Zniszczoł odpadł po pierwszej serii
Po pierwszej serii, jak się później okazało jedynej, prowadził Wellinger, który uzyskał 146,5 m. Drugi był Austriak Stefan Kraft - 145 m, a trzeci Niemiec Karl Geiger - 136,5 m.
Kubacki osiągnął 130,5 m i zajmował 10. lokatę. Kamil Stoch skoczył 127,5 m i był 14., a Paweł Wąsek 124,5 m i był 15. miejsce. Na 35. pozycji konkurs ukończył Aleksander Zniszczoł - 104,0 m, któremu nie udało się awansować do finału.

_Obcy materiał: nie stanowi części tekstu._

(* Let $[t_0,t_1]$ be an admissible segment of $\mathbf r$ with associated tetrahedron $\mathbf r_0\mathbf r_1\mathbf r_2\mathbf r_3$. For each $t^\star\in(t_0,t_1)$ the osculating plane $O(t^\star)$ meets the lines $\mathbf r_0\mathbf r_1$, $\mathbf r_1\mathbf r_2$, $\mathbf r_2\mathbf r_3$ in points $\mathbf r_{01},\mathbf r_{12},\mathbf r_{23}$ (depending on $t^\star$), and the distances $\|\mathbf r_0\mathbf r_{01}\|$, $\|\mathbf r_1\mathbf r_{12}\|$, $\|\mathbf r_2\mathbf r_{23}\|$ are strictly monotone functions of $t^\star\in(t_0,t_1)$.
   Context: Setting: $\mathbf r(t)=(x(t),y(t),z(t))$ with $x,y,z$ rational functions with real coefficients whose denominators do not vanish on the parameter interval, properly parametrized, and not contained in a plane. Curvature $\kappa=\|\mathbf r'\times\mathbf r''\|/\|\mathbf r'\|^3$; torsion $\tau$ vanishes exactly where $\det(\mathbf r',\mathbf r'',\mathbf r''')=0$. Unit tangent $\boldsymbol\alpha=\mathbf r'/\|\mathbf r'\|$, unit binormal $\boldsymbol\gamma=\mathbf r'\times\mathbf r''/\|\mathbf r'\times\mathbf r''\|$; one-sided limits $\boldsymbol\alpha^{\pm}(s)=\lim_{t\to s^\pm}\boldsymbol\alpha(t)$, $\boldsymbol\gamma^{\pm}(s)=\lim_{t\to s^\pm}\boldsymbol\gamma(t)$; tangent lines $T^{\pm}(s)=\{\mathbf r(s)+\lambda\boldsymbol\alpha^{\pm}(s)\}$, osculating planes $O^{\pm}(s)=\{X:(X-\mathbf r(s))\cdot\boldsymbol\gamma^{\pm}(s)=0\}$ (written $O(s)$ at interior ordinary points). A point is singular if it corresponds to more than one parameter counted with multiplicity; character points are singular points, inflections ($\kappa=0$) and torsion-vanishing points ($\tau=0$). Associated tetrahedron of $[a,b]$: vertices $\mathbf r(a)$, $T^+(a)\cap L$, $T^-(b)\cap L$, $\mathbf r(b)$ where $L=O^+(a)\cap O^-(b)$. Admissible segment: $t_0<t_1$, no parameter in $(t_0,t_1]$ gives a character point, and for all $t_0\le s_1<s_2\le t_1$: (I) $\boldsymbol\alpha^+(s_1)\cdot\boldsymbol\gamma^-(s_2)\ne0$ and $\boldsymbol\alpha^-(s_2)\cdot\boldsymbol\gamma^+(s_1)\ne0$; (II) $(\boldsymbol\alpha^+(s_1)\times(\mathbf r(s_2)-\mathbf r(s_1)))\cdot\boldsymbol\alpha^-(s_2)\ne0$; (III) $(\mathbf r(s_1)-\mathbf r(s_2))\cdot\boldsymbol\gamma^-(s_2)\ne0$ and $(\mathbf r(s_2)-\mathbf r(s_1))\cdot\boldsymbol\gamma^+(s_1)\ne0$; and (IV) for all $t_0\le s_1<s_2<s_3\le t_1$, $\det(\boldsymbol\alpha(s_1),\boldsymbol\alpha(s_2),\boldsymbol\alpha(s_3))\ne0$ (one-sided limits used at $t_0,t_1$). *)

From Stdlib Require Import Reals List.
Open Scope R_scope.

Record V3 := mkV3 { vx : R; vy : R; vz : R }.
Definition vadd (u v : V3) := mkV3 (vx u + vx v) (vy u + vy v) (vz u + vz v).
Definition vsub (u v : V3) := mkV3 (vx u - vx v) (vy u - vy v) (vz u - vz v).
Definition vscale (k : R) (u : V3) := mkV3 (k * vx u) (k * vy u) (k * vz u).
Definition dot (u v : V3) := vx u * vx v + vy u * vy v + vz u * vz v.
Definition cross (u v : V3) :=
  mkV3 (vy u * vz v - vz u * vy v) (vz u * vx v - vx u * vz v) (vx u * vy v - vy u * vx v).
Definition vnorm (u : V3) := sqrt (dot u u).
Definition det3 (a b c : V3) := dot a (cross b c).
Definition v0 := mkV3 0 0 0.

(* ---------- real polynomials (coefficient lists, constant term first) ---------- *)
Definition poly := list R.
Definition peval (p : poly) (x : R) : R := fold_right (fun a acc => a + x * acc) 0 p.
Fixpoint padd (p q : poly) : poly :=
  match p, q with
  | nil, _ => q
  | _, nil => p
  | a :: p', b :: q' => (a + b) :: padd p' q'
  end.
Definition pscale (k : R) (p : poly) : poly := map (fun a => k * a) p.
Fixpoint pmul (p q : poly) : poly :=
  match p with
  | nil => nil
  | a :: p' => padd (pscale a q) (0 :: pmul p' q)
  end.
Definition psub (p q : poly) : poly := padd p (pscale (-1) q).
Fixpoint pderiv_aux (k : nat) (p : poly) : poly :=
  match p with
  | nil => nil
  | a :: p' => (INR k * a) :: pderiv_aux (S k) p'
  end.
Definition pderiv (p : poly) : poly :=
  match p with nil => nil | _ :: p' => pderiv_aux 1 p' end.

Definition C := (R * R)%type.
Definition cadd (z w : C) : C := (fst z + fst w, snd z + snd w).
Definition cmul (z w : C) : C := (fst z * fst w - snd z * snd w, fst z * snd w + snd z * fst w).
Definition ofR (x : R) : C := (x, 0).
Definition pevalC (p : poly) (z : C) : C :=
  fold_right (fun a acc => cadd (ofR a) (cmul z acc)) (ofR 0) p.

Definition ratf := (poly * poly)%type.   (* (numerator, denominator) *)
Definition rf_eval (f : ratf) (t : R) : R := peval (fst f) t / peval (snd f) t.
Definition rf_deriv (f : ratf) : ratf :=
  (psub (pmul (pderiv (fst f)) (snd f)) (pmul (fst f) (pderiv (snd f))),
   pmul (snd f) (snd f)).

Record curve := mkCurve { cx : ratf; cy : ratf; cz : ratf }.
Definition cmap (F : ratf -> ratf) (r : curve) := mkCurve (F (cx r)) (F (cy r)) (F (cz r)).
Definition pos (r : curve) (t : R) : V3 := mkV3 (rf_eval (cx r) t) (rf_eval (cy r) t) (rf_eval (cz r) t).
Definition rD (r : curve) := cmap rf_deriv r.
Definition d1 (r : curve) (t : R) := pos (rD r) t.
Definition d2 (r : curve) (t : R) := pos (rD (rD r)) t.
Definition d3 (r : curve) (t : R) := pos (rD (rD (rD r))) t.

Wiatr kilka razy przerywał zwody
Już w trakcie pierwszej serii pojawiły się problemy. Wiatr momentami był zbyt silny, jury kilka razy przerywało zawody. Ostatecznie pierwszą serię udało się rozegrać, ale już wtedy było wiadomo, że podczas drugiej problemy z wiatrem mogą być jeszcze poważniejsze.

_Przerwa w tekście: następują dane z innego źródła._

(* For every $X\subseteq\mathbb N$ and $\alpha\in(71/72,1]$, the algebra $\mathcal D_{\mathcal K}(X,\alpha)$ is an almost masa of $\mathcal A_0(X)$.
   Context: Fix an orthonormal basis $(e_k)$ of $\ell_2$; $H_n=\mathrm{span}\{e_{2n},e_{2n+1}\}$. $\mathcal A_0$ is the set of $T\in\mathcal B(\ell_2)$ with $\langle Te_k,e_m\rangle\ne0\Rightarrow\{k,m\}\subseteq\{2n,2n+1\}$ for some $n$, written $T=(T_n)$, $T_n\in\mathcal B(H_n)$ the restriction; $\mathcal A_0(X)=\{T\in\mathcal A_0:T_n=0\ \forall n\notin X\}$. For $\alpha\in(71/72,1]$, $f_{\alpha,2n}=\alpha e_{2n}+\sqrt{1-\alpha^2}e_{2n+1}$, $f_{\alpha,2n+1}=\sqrt{1-\alpha^2}e_{2n}-\alpha e_{2n+1}$; $\mathcal D(X,\alpha)$ is the set of $T\in\mathcal A_0(X)$ with $T_n$ diagonal in $\{f_{\alpha,2n},f_{\alpha,2n+1}\}$ for all $n\in X$; $\mathcal D_{\mathcal K}(X,\alpha)=\{S+R:S\in\mathcal D(X,\alpha),R\in\mathcal K(\ell_2)\cap\mathcal A_0(X)\}$. $S,T$ almost commute if $ST-TS$ is compact; an almost masa of a C*-algebra $\mathcal C\subseteq\mathcal B(\ell_2)$ is a C*-subalgebra of $\mathcal C$ maximal under inclusion among C*-subalgebras of $\mathcal C$ whose elements pairwise almost commute. *)

From Stdlib Require Import Reals.
From Coquelicot Require Import Coquelicot.
Open Scope R_scope.

Definition sqsum (u : nat -> C) : nat -> R := fun k => (Cmod (u k)) ^ 2.

Record l2 := L2 { lv :> nat -> C ; lv_sq : ex_series (sqsum lv) }.

Definition vnorm (u : nat -> C) : R := sqrt (Series (sqsum u)).

Definition inner (u v : nat -> C) : C :=
  (Series (fun k => Re (Cmult (u k) (Cconj (v k)))),
   Series (fun k => Im (Cmult (u k) (Cconj (v k))))).

Record op := Op {
  app :> l2 -> l2 ;
  op_lin : forall (c d : C) (u v w : l2),
      (forall k, lv w k = Cplus (Cmult c (lv u k)) (Cmult d (lv v k))) ->
      forall k, lv (app w) k = Cplus (Cmult c (lv (app u) k)) (Cmult d (lv (app v) k)) ;
  op_bdd : exists M : R, forall u : l2, vnorm (app u) <= M * vnorm u }.

Definition is_sum (S T U : op) : Prop :=
  forall (u : l2) k, lv (U u) k = Cplus (lv (S u) k) (lv (T u) k).
Definition is_scal (c : C) (T U : op) : Prop :=
  forall (u : l2) k, lv (U u) k = Cmult c (lv (T u) k).
Definition is_comp (S T U : op) : Prop :=
  forall (u : l2) k, lv (U u) k = lv (S (T u)) k.
Definition is_zero_op (Z : op) : Prop := forall (u : l2) k, lv (Z u) k = RtoC 0.
Definition is_adjoint (T U : op) : Prop :=
  forall u v : l2, inner (T u) v = inner u (U v).

Definition op_norm_cvg (Tn : nat -> op) (T : op) : Prop :=
  forall eps : R, 0 < eps -> exists N : nat, forall n, (N <= n)%nat ->
    forall u : l2, vnorm (fun k => Cminus (lv (Tn n u) k) (lv (T u) k)) <= eps * vnorm u.

(** compact operator: the image of every bounded sequence has a norm-convergent
    subsequence (with limit in l2), i.e. bounded sets are mapped to relatively
    compact sets *)
Definition compact_op (K : op) : Prop :=
  forall (u : nat -> l2) (M : R), (forall n, vnorm (u n) <= M) ->
    exists (phi : nat -> nat) (w : l2),
      (forall n, (phi n < phi (S n))%nat) /\
      forall eps : R, 0 < eps -> exists N : nat, forall n, (N <= n)%nat ->
        vnorm (fun k => Cminus (lv (K (u (phi n))) k) (lv w k)) <= eps.

Definition almost_commute (S T : op) : Prop :=
  exists K : op, compact_op K /\
    forall (u : l2) k, lv (K u) k = Cminus (lv (S (T u)) k) (lv (T (S u)) k).

Definition cstar_alg (A : op -> Prop) : Prop :=
  (exists Z, A Z /\ is_zero_op Z) /\
  (forall S T U, A S -> A T -> is_sum S T U -> A U) /\
  (forall c T U, A T -> is_scal c T U -> A U) /\
  (forall S T U, A S -> A T -> is_comp S T U -> A U) /\
  (forall T, A T -> exists U, A U /\ is_adjoint T U) /\
  (forall (Tn : nat -> op) T, (forall n, A (Tn n)) -> op_norm_cvg Tn T -> A T).

Definition cstar_subalg (A Cc : op -> Prop) : Prop :=
  cstar_alg A /\ (forall T, A T -> Cc T).

Definition pairwise_almost_commuting (A : op -> Prop) : Prop :=
  forall S T, A S -> A T -> almost_commute S T.

Definition almost_masa (A Cc : op -> Prop) : Prop :=
  cstar_subalg A Cc /\ pairwise_almost_commuting A /\
  forall B, cstar_subalg B Cc -> pairwise_almost_commuting B ->
    (forall T, A T -> B T) -> forall T, B T -> A T.

Definition is_ONB (e : nat -> l2) : Prop :=
  (forall k m, inner (e k) (e m) = if Nat.eqb k m then RtoC 1 else RtoC 0) /\
  (forall u : l2, (forall k, inner u (e k) = RtoC 0) -> forall j, lv u j = RtoC 0).

Definition in_block (k n : nat) : Prop := k = (2 * n)%nat \/ k = (2 * n + 1)%nat.

Definition A0 (e : nat -> l2) (T : op) : Prop :=
  forall k m, inner (T (e k)) (e m) <> RtoC 0 -> exists n, in_block k n /\ in_block m n.

(** T_n = 0, i.e. T vanishes on H_n = span{e_2n, e_2n+1} *)
Definition A0X (e : nat -> l2) (X : nat -> Prop) (T : op) : Prop :=
  A0 e T /\ forall n, ~ X n -> forall k, in_block k n -> forall j, lv (T (e k)) j = RtoC 0.

Definition eigvec (T : op) (w : l2) : Prop :=
  exists lam : C, forall j, lv (T w) j = Cmult lam (lv w j).

(** T_n is diagonal in {f_{alpha,2n}, f_{alpha,2n+1}} *)
Definition diag_f (e : nat -> l2) (alpha : R) (n : nat) (T : op) : Prop :=
  (forall w : l2, (forall j, lv w j = Cplus (Cmult (RtoC alpha) (lv (e (2*n)%nat) j))
                                  (Cmult (RtoC (sqrt (1 - alpha^2))) (lv (e (2*n+1)%nat) j)))
                  -> eigvec T w) /\
  (forall w : l2, (forall j, lv w j = Cminus (Cmult (RtoC (sqrt (1 - alpha^2))) (lv (e (2*n)%nat) j))
                                  (Cmult (RtoC alpha) (lv (e (2*n+1)%nat) j)))
                  -> eigvec T w).

Definition Dset (e : nat -> l2) (X : nat -> Prop) (alpha : R) (T : op) : Prop :=
  A0X e X T /\ forall n, X n -> diag_f e alpha n T.

Definition DK (e : nat -> l2) (X : nat -> Prop) (alpha : R) (T : op) : Prop :=
  exists S R0 : op, Dset e X alpha S /\ compact_op R0 /\ A0X e X R0 /\ is_sum S R0 T.

From Stdlib Require Import Reals Lra Lia Classical ClassicalEpsilon.
From Coquelicot Require Import Coquelicot.
Open Scope R_scope.

(* Let [P] and [Q] be the orthogonal projections onto the closed spans of the [f_(alpha,2n)] and
   of the [f_(alpha,2n+1)], [n] in [X]; both lie in [D(X, alpha)]. An operator [T] in [A_0(X)]
   acts on each [H_n] by a 2x2 matrix in the basis [(f_(alpha,2n), f_(alpha,2n+1))], so that
   [T = (PTP + QTQ) + (PTQ + QTP)] with [PTP + QTQ] in [D(X, alpha)] and
   [PTQ + QTP = Q [T, P] - P [T, P]]. Hence [T] lies in [D_K(X, alpha)] as soon as it almost
   commutes with [P], which gives maximality. Since elements of [D(X, alpha)] commute with each
   other and compact operators form a norm-closed ideal stable under adjoints, [D_K(X, alpha)] is
   a C*-algebra of pairwise almost commuting operators. *)

Ltac unfold_C := unfold Cminus, Cplus, Cmult, Copp, Cconj, RtoC, Re, Im in *; simpl in *.
Ltac C_ring := apply injective_projections; unfold_C; simpl; ring.

(** * Real series *)

Lemma sum_n_succ (a : nat -> R) n : sum_n a (S n) = sum_n a n + a (S n).
Proof. rewrite sum_Sn. reflexivity. Qed.

Lemma sum_n_incr (a : nat -> R) : (forall k, 0 <= a k) ->
  forall n m, (n <= m)%nat -> sum_n a n <= sum_n a m.
Proof.
  intros H n m Hnm. induction Hnm as [|m _ IH]; [lra|].
  rewrite sum_n_succ. specialize (H (S m)). lra.
Qed.

Lemma sum_n_nonneg (a : nat -> R) n : (forall k, 0 <= a k) -> 0 <= sum_n a n.
Proof.
  intros H. apply Rle_trans with (sum_n a 0); [rewrite sum_O; apply H|].
  apply sum_n_incr; auto; lia.
Qed.

Lemma sum_n_le (a b : nat -> R) : (forall k, a k <= b k) -> forall n, sum_n a n <= sum_n b n.
Proof.
  intros H n. induction n; [rewrite !sum_O; auto|].
  rewrite !sum_n_succ. specialize (H (S n)). lra.
Qed.

Lemma is_series_finite (a : nat -> R) N : (forall k, (N < k)%nat -> a k = 0) ->
  is_series a (sum_n a N).
Proof.
  intros H.
  assert (Hstat : forall n, (N <= n)%nat -> sum_n a n = sum_n a N).
  { intros n Hn; induction Hn as [|m Hm IH]; [reflexivity|].
    rewrite sum_n_succ, IH, (H (S m)) by lia. lra. }
  change (is_lim_seq (sum_n a) (sum_n a N)).
  apply (is_lim_seq_ext_loc (fun _ => sum_n a N)); [exists N; intros; symmetry; auto|].
  apply is_lim_seq_const.
Qed.

Lemma ex_series_finite (a : nat -> R) N : (forall k, (N < k)%nat -> a k = 0) -> ex_series a.
Proof. intros H. eexists. apply is_series_finite; eauto. Qed.

Lemma Series_partial_sums (a : nat -> R) : ex_series a -> is_lim_seq (sum_n a) (Series a).
Proof. intros H. exact (Series_correct a H). Qed.

Lemma ex_series_bounded (a : nat -> R) B : (forall k, 0 <= a k) -> (forall N, sum_n a N <= B) ->
  ex_series a /\ Series a <= B.
Proof.
  intros H0 HB.
  destruct (ex_finite_lim_seq_incr (sum_n a) B) as [l Hl]; auto.
  { intros n; rewrite sum_n_succ; specialize (H0 (S n)); lra. }
  split; [exists l; exact Hl|].
  rewrite (is_series_unique a l Hl).
  assert (Hle : Rbar_le l B) by (apply (is_lim_seq_le (sum_n a) (fun _ => B)); auto using is_lim_seq_const).
  exact Hle.
Qed.

Lemma sum_n_le_Series (a : nat -> R) N : (forall k, 0 <= a k) -> ex_series a -> sum_n a N <= Series a.
Proof.
  intros H0 He.
  assert (Hle : Rbar_le (sum_n a N) (Series a)).
  { apply (is_lim_seq_le_loc (fun _ => sum_n a N) (sum_n a)).
    - exists N; intros; apply sum_n_incr; auto.
    - apply is_lim_seq_const.
    - apply Series_partial_sums, He. }
  exact Hle.
Qed.

Lemma Series_nonneg a : (forall k, 0 <= a k) -> ex_series a -> 0 <= Series a.
Proof. intros H He. eapply Rle_trans; [|apply (sum_n_le_Series a 0); auto]. rewrite sum_O; auto. Qed.

Lemma Series_le_gen (x y : nat -> R) : (forall k, x k <= y k) -> ex_series x -> ex_series y ->
  Series x <= Series y.
Proof.
  intros H Hx Hy.
  assert (Hle : Rbar_le (Series x) (Series y))
    by (apply (is_lim_seq_le (sum_n x) (sum_n y)); auto using sum_n_le, Series_partial_sums).
  exact Hle.
Qed.

(* Stated over [R] (not a normed module) so that [ring] applies to the side conditions. *)
Lemma ex_series_ext_R (x y : nat -> R) : (forall k, x k = y k) -> ex_series x -> ex_series y.
Proof. apply ex_series_ext. Qed.

Lemma ex_series_Rabs_le (x y : nat -> R) : (forall k, Rabs (x k) <= y k) -> ex_series y -> ex_series x.
Proof. intros H Hy. apply (ex_series_le x y); auto. Qed.

Lemma Series_Rabs_le (x y : nat -> R) : (forall k, Rabs (x k) <= y k) ->
  ex_series x -> ex_series y -> Rabs (Series x) <= Series y.
Proof.
  intros H Hx Hy. apply Rabs_le. split.
  - rewrite <- Series_opp. apply Series_le_gen; auto.
    + intros k; specialize (H k). apply Rabs_le_between in H. lra.
    + exact (ex_series_opp y Hy).
  - apply Series_le_gen; auto. intros k; specialize (H k). apply Rabs_le_between in H. lra.
Qed.

Lemma ex_series_lincomb (p q : R) (x y : nat -> R) : ex_series x -> ex_series y ->
  ex_series (fun k => p * x k + q * y k).
Proof.
  intros Hx Hy. apply (ex_series_plus (fun k => p * x k) (fun k => q * y k)).
  - apply (ex_series_scal_l p x Hx).
  - apply (ex_series_scal_l q y Hy).
Qed.

Lemma Series_lincomb (p q : R) (x y : nat -> R) : ex_series x -> ex_series y ->
  Series (fun k => p * x k + q * y k) = p * Series x + q * Series y.
Proof.
  intros Hx Hy. rewrite Series_plus, !Series_scal_l; [reflexivity| |].
  - apply (ex_series_scal_l p x Hx).
  - apply (ex_series_scal_l q y Hy).
Qed.

Lemma Series_lincomb3 (p q r : R) (x y z : nat -> R) :
  ex_series x -> ex_series y -> ex_series z ->
  Series (fun k => p * x k + q * y k + r * z k) = p * Series x + q * Series y + r * Series z.
Proof.
  intros Hx Hy Hz.
  rewrite (Series_ext _ (fun k => 1 * (p * x k + q * y k) + r * z k)) by (intros; ring).
  rewrite Series_lincomb, Series_lincomb by auto using ex_series_lincomb. ring.
Qed.

Lemma Series_lincomb4 (p q r s : R) (x y z t : nat -> R) :
  ex_series x -> ex_series y -> ex_series z -> ex_series t ->
  Series (fun k => p * x k + q * y k + r * z k + s * t k) =
  p * Series x + q * Series y + r * Series z + s * Series t.
Proof.
  intros Hx Hy Hz Ht.
  rewrite (Series_ext _ (fun k => 1 * (p * x k + q * y k) + 1 * (r * z k + s * t k))) by (intros; ring).
  rewrite Series_lincomb by auto using ex_series_lincomb. rewrite !Series_lincomb by auto. ring.
Qed.

Lemma Series_single (a : nat -> R) j : (forall k, k <> j -> a k = 0) -> Series a = a j.
Proof.
  intros H. apply is_series_unique.
  assert (Hbefore : forall m, (m < j)%nat -> sum_n a m = 0).
  { intros m Hm; induction m; [rewrite sum_O; apply H; lia|].
    rewrite sum_n_succ, IHm, H by lia. lra. }
  assert (Hj : sum_n a j = a j).
  { destruct j; [rewrite sum_O; auto|]. rewrite sum_n_succ, Hbefore by lia. lra. }
  rewrite <- Hj. apply is_series_finite. intros; apply H; lia.
Qed.

Lemma Series_zero : Series (fun _ => 0) = 0.
Proof. exact (Series_single (fun _ => 0) 0 (fun _ _ => eq_refl)). Qed.

Lemma Rabs_le_eps_eq_0 x : (forall eps, 0 < eps -> Rabs x <= eps) -> x = 0.
Proof.
  intros H. destruct (Req_dec x 0) as [E|E]; auto. exfalso.
  assert (H0 : 0 < Rabs x) by (apply Rabs_pos_lt; auto).
  assert (H1 := H (Rabs x / 2) ltac:(lra)). lra.
Qed.

Lemma is_lim_seq_eps (a : nat -> R) (l : R) : is_lim_seq a l ->
  forall eps, 0 < eps -> exists N, forall n, (N <= n)%nat -> Rabs (a n - l) < eps.
Proof.
  intros H eps He. apply is_lim_seq_spec in H. destruct (H (mkposreal eps He)) as [N HN].
  exists N. intros n Hn. apply (HN n Hn).
Qed.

Pierwsza seria była pechowa nie tylko dla Zniszczoła. Odpadli m.in. Słoweniec Timi Zajc (99,5 m), Norweg Johann Andre Forfang (96,5 m), Słoweniec Domen Prevc (80 m), Norweg Halvor Egner Granerud (71,5 m) i Austriak Michael Hayboeck (70,0 m).
Wolny zdyskwalifikowany w kwalifikacjach
Lider klasyfikacji generalnej Pius Paschke, który ma w tym sezonie w dorobku już dwa zwycięstwa (w Lillehammer i Ruce) osiągnął 144 m i został sklasyfikowany na siódmej pozycji.
W konkursie nie wystąpił Jakub Wolny, który został zdyskwalifikowany w kwalifikacjach za nieprzepisowy kombinezon.
Paschke nadal liderem Pucharu Świata
Druga seria została przerwana przed skokiem Wąska. Polak był po pierwszej serii 15., w drugiej kilka razy był zdejmowany z belki, ale zgody na start nie otrzymał. Ostatecznie jury konkurs odwołano, gdyż zbyt silny wiatr zagrażał bezpieczeństwu zawodników.
W klasyfikacji generalnej PŚ liderem jest nadal Paschke - 316 pkt, przed Kraftem - 240 pkt i Austriakiem Janem Hoerlem - 236 pkt.
Za tydzień gospodarzem konkursu Pucharu Świata będzie Wisła-Malinka.